[Aim of the exercise]: Give back each line of the data exactly.
== Provided data
Lemma braket_basis (al be : 'I_d -> C) :
  braket (fun y => \sum_a al a * w a y 0) (fun y => \sum_a be a * w a y 0)
  = \sum_a (al a)^*%C * be a.
Proof.
rewrite braket_suml; apply: eq_bigr => a _.
rewrite braket_sumr (bigD1 a) //= big1 ?addr0 => [|b hb].
  by rewrite braketZl braketZr w_orthonormal eqxx mulr1.
by rewrite braketZl braketZr w_orthonormal eq_sym (negbTE hb) !mulr0.
Qed.

Section Generators.
Variable t : 'I_(d.-1) -> 'M[C]_d.
Hypothesis t_herm : forall k, adjmx (t k) = t k.
Hypothesis t_tr0 : forall k, \tr (t k) = 0.
Hypothesis t_orthonormal : forall k l, \tr (t k *m t l) = (k == l)%:R.
Hypothesis w_eigen : forall k a, exists lam : C, t k *m w a = lam *: w a.

Definition eigval k a : R :=
  Re (braket (fun r => w a r 0) (fun r => (t k *m w a) r 0)).

Lemma eigvalP k a : t k *m w a = (eigval k a)%:C *: w a.
Proof.
have [lam hlam] := w_eigen k a.
have colZ (c : C) : (fun r => (c *: w a) r 0) = fun r => c * w a r 0.
  by apply/funext => r; rewrite mxE.
have lamE : braket (fun r => w a r 0) (fun r => (t k *m w a) r 0) = lam.
  by rewrite hlam colZ braketZr w_orthonormal eqxx mulr1.
have lam_real : lam^*%C = lam.
  by rewrite -[in RHS]lamE braket_adjmx t_herm hlam colZ braketZl w_orthonormal eqxx mulr1.
by rewrite /eigval lamE -(conjc_id_real lam_real).
Qed.

Lemma generator_diag k : t k = diag_in_basis (\row_a (eigval k a)%:C).
Proof. by apply: diag_in_basis_eigen => a; rewrite mxE eigvalP. Qed.

Lemma sum_eigval k : \sum_a eigval k a = 0.
Proof.
have := t_tr0 k; rewrite generator_diag mxtrace_diag_in_basis.
by under eq_bigr do rewrite mxE; rewrite -rmorph_sum => -[].
Qed.

Lemma sum_eigval_sqr k : \sum_a eigval k a ^+ 2 = 1.
Proof.
have := t_orthonormal k k.
rewrite eqxx generator_diag diag_in_basisM mxtrace_diag_in_basis.
by under eq_bigr do rewrite !mxE -rmorphM -expr2; rewrite -rmorph_sum => -[].
Qed.

Definition phase (F : R -> R) (theta : 'rV[R]_(d.-1)) a :=
  \sum_k F (theta 0 k) * eigval k a.

Lemma chanU_mulw F theta a : chanU t F theta *m w a = expi (phase F theta a) *: w a.
Proof.
pose A := 'i *: \sum_k (F (theta 0 k))%:C *: t k.
have hA b : A *m w b = (\row_a ('i * (phase F theta a)%:C)) 0 b *: w b.
  rewrite mxE -scalemxAl mulmx_suml.
  under eq_bigr do rewrite -scalemxAl eigvalP scalerA.
  rewrite -scaler_suml scalerA /phase rmorph_sum; congr (('i * _) *: _).
  by apply: eq_bigr => k _; rewrite rmorphM.
by rewrite /chanU -/A (diag_in_basis_eigen hA) mxexp_diag_in_basis diag_in_basis_mulw mxE.
Qed.

Local Notation amp := ((Num.sqrt (d%:R : R))^-1)%:C.

Lemma mulmx_psi_sep {M : 'M[C]_d} {c : 'I_d -> C} :
  (forall a, M *m w a = c a *: w a) ->
  forall y, (M *m psi_sep w) y 0 = \sum_a (amp * c a) * w a y 0.
Proof.
move=> hM y; rewrite /psi_sep -scalemxAr mulmx_sumr mxE summxE big_distrr.
by apply: eq_bigr => a _; rewrite /= hM mxE mulrA.
Qed.

Lemma norm_amp_expi p : (amp * expi p)^*%C * (amp * expi p) = (d%:R^-1)%:C.
Proof.
rewrite conjc_realM mulrACA conjc_expiM mulr1 -rmorphM; congr _%:C.
by rewrite -invfM -expr2 sqr_sqrtr // ler0n.
Qed.

Definition phase_state (F : R -> R) (theta : 'rV[R]_(d.-1)) (y : 'I_d) : C :=
  \sum_a (amp * expi (phase F theta a)) * w a y 0.

Definition phase_state_deriv (F : R -> R) (dF : R) theta m (y : 'I_d) : C :=
  \sum_a ('i * (dF * eigval m a)%:C * (amp * expi (phase F theta a))) * w a y 0.

Lemma chanU_psi_sep F theta y :
  (chanU t F theta *m psi_sep w) y 0 = phase_state F theta y.
Proof. exact: (mulmx_psi_sep (chanU_mulw F theta)). Qed.

Lemma is_cderive_phase_state (F : R -> R) (dF : R) (theta : 'rV[R]_(d.-1)) m y :
  is_derive (theta 0 m) 1 F dF ->
  is_cderive 0 (fun s => phase_state F (Defs.shift theta m s) y)
    (phase_state_deriv F dF theta m y).
Proof.
move=> hF; apply: is_cderive_sum => a.
have hexpi := is_cderive_expi (is_derive_shift_phase (fun k => eigval k a) hF).
apply: is_cderive_eq.
  exact: is_cderiveM (is_cderiveM (is_cderive_cst _ amp) hexpi) (is_cderive_cst _ (w a y 0)).
by rewrite /= shift0 /phase; ring.
Qed.

Lemma pderiv_phase_state {F : R -> R} {dF : R} {theta : 'rV[R]_(d.-1)} {m} :
  is_derive (theta 0 m) 1 F dF ->
  pderiv (phase_state F) theta m = phase_state_deriv F dF theta m.
Proof. by move=> hF; apply: pderivE => y; apply: is_cderive_phase_state. Qed.

Hypothesis d_gt0 : (0 < d)%N.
====
[Task solution]:
Lemma braket_basis (al be : 'I_d -> C) :
  braket (fun y => \sum_a al a * w a y 0) (fun y => \sum_a be a * w a y 0)
  = \sum_a (al a)^*%C * be a.
Proof.
rewrite braket_suml; apply: eq_bigr => a _.
rewrite braket_sumr (bigD1 a) //= big1 ?addr0 => [|b hb].
  by rewrite braketZl braketZr w_orthonormal eqxx mulr1.
by rewrite braketZl braketZr w_orthonormal eq_sym (negbTE hb) !mulr0.
Qed.

Section Generators.
Variable t : 'I_(d.-1) -> 'M[C]_d.
Hypothesis t_herm : forall k, adjmx (t k) = t k.
Hypothesis t_tr0 : forall k, \tr (t k) = 0.
Hypothesis t_orthonormal : forall k l, \tr (t k *m t l) = (k == l)%:R.
Hypothesis w_eigen : forall k a, exists lam : C, t k *m w a = lam *: w a.

Definition eigval k a : R :=
  Re (braket (fun r => w a r 0) (fun r => (t k *m w a) r 0)).

Lemma eigvalP k a : t k *m w a = (eigval k a)%:C *: w a.
Proof.
have [lam hlam] := w_eigen k a.
have colZ (c : C) : (fun r => (c *: w a) r 0) = fun r => c * w a r 0.
  by apply/funext => r; rewrite mxE.
have lamE : braket (fun r => w a r 0) (fun r => (t k *m w a) r 0) = lam.
  by rewrite hlam colZ braketZr w_orthonormal eqxx mulr1.
have lam_real : lam^*%C = lam.
  by rewrite -[in RHS]lamE braket_adjmx t_herm hlam colZ braketZl w_orthonormal eqxx mulr1.
by rewrite /eigval lamE -(conjc_id_real lam_real).
Qed.

Lemma generator_diag k : t k = diag_in_basis (\row_a (eigval k a)%:C).
Proof. by apply: diag_in_basis_eigen => a; rewrite mxE eigvalP. Qed.

Lemma sum_eigval k : \sum_a eigval k a = 0.
Proof.
have := t_tr0 k; rewrite generator_diag mxtrace_diag_in_basis.
by under eq_bigr do rewrite mxE; rewrite -rmorph_sum => -[].
Qed.

Lemma sum_eigval_sqr k : \sum_a eigval k a ^+ 2 = 1.
Proof.
have := t_orthonormal k k.
rewrite eqxx generator_diag diag_in_basisM mxtrace_diag_in_basis.
by under eq_bigr do rewrite !mxE -rmorphM -expr2; rewrite -rmorph_sum => -[].
Qed.

Definition phase (F : R -> R) (theta : 'rV[R]_(d.-1)) a :=
  \sum_k F (theta 0 k) * eigval k a.

Lemma chanU_mulw F theta a : chanU t F theta *m w a = expi (phase F theta a) *: w a.
Proof.
pose A := 'i *: \sum_k (F (theta 0 k))%:C *: t k.
have hA b : A *m w b = (\row_a ('i * (phase F theta a)%:C)) 0 b *: w b.
  rewrite mxE -scalemxAl mulmx_suml.
  under eq_bigr do rewrite -scalemxAl eigvalP scalerA.
  rewrite -scaler_suml scalerA /phase rmorph_sum; congr (('i * _) *: _).
  by apply: eq_bigr => k _; rewrite rmorphM.
by rewrite /chanU -/A (diag_in_basis_eigen hA) mxexp_diag_in_basis diag_in_basis_mulw mxE.
Qed.

Local Notation amp := ((Num.sqrt (d%:R : R))^-1)%:C.

Lemma mulmx_psi_sep {M : 'M[C]_d} {c : 'I_d -> C} :
  (forall a, M *m w a = c a *: w a) ->
  forall y, (M *m psi_sep w) y 0 = \sum_a (amp * c a) * w a y 0.
Proof.
move=> hM y; rewrite /psi_sep -scalemxAr mulmx_sumr mxE summxE big_distrr.
by apply: eq_bigr => a _; rewrite /= hM mxE mulrA.
Qed.

Lemma norm_amp_expi p : (amp * expi p)^*%C * (amp * expi p) = (d%:R^-1)%:C.
Proof.
rewrite conjc_realM mulrACA conjc_expiM mulr1 -rmorphM; congr _%:C.
by rewrite -invfM -expr2 sqr_sqrtr // ler0n.
Qed.

Definition phase_state (F : R -> R) (theta : 'rV[R]_(d.-1)) (y : 'I_d) : C :=
  \sum_a (amp * expi (phase F theta a)) * w a y 0.

Definition phase_state_deriv (F : R -> R) (dF : R) theta m (y : 'I_d) : C :=
  \sum_a ('i * (dF * eigval m a)%:C * (amp * expi (phase F theta a))) * w a y 0.

Lemma chanU_psi_sep F theta y :
  (chanU t F theta *m psi_sep w) y 0 = phase_state F theta y.
Proof. exact: (mulmx_psi_sep (chanU_mulw F theta)). Qed.

Lemma is_cderive_phase_state (F : R -> R) (dF : R) (theta : 'rV[R]_(d.-1)) m y :
  is_derive (theta 0 m) 1 F dF ->
  is_cderive 0 (fun s => phase_state F (Defs.shift theta m s) y)
    (phase_state_deriv F dF theta m y).
Proof.
move=> hF; apply: is_cderive_sum => a.
have hexpi := is_cderive_expi (is_derive_shift_phase (fun k => eigval k a) hF).
apply: is_cderive_eq.
  exact: is_cderiveM (is_cderiveM (is_cderive_cst _ amp) hexpi) (is_cderive_cst _ (w a y 0)).
by rewrite /= shift0 /phase; ring.
Qed.

Lemma pderiv_phase_state {F : R -> R} {dF : R} {theta : 'rV[R]_(d.-1)} {m} :
  is_derive (theta 0 m) 1 F dF ->
  pderiv (phase_state F) theta m = phase_state_deriv F dF theta m.
Proof. by move=> hF; apply: pderivE => y; apply: is_cderive_phase_state. Qed.

Hypothesis d_gt0 : (0 < d)%N.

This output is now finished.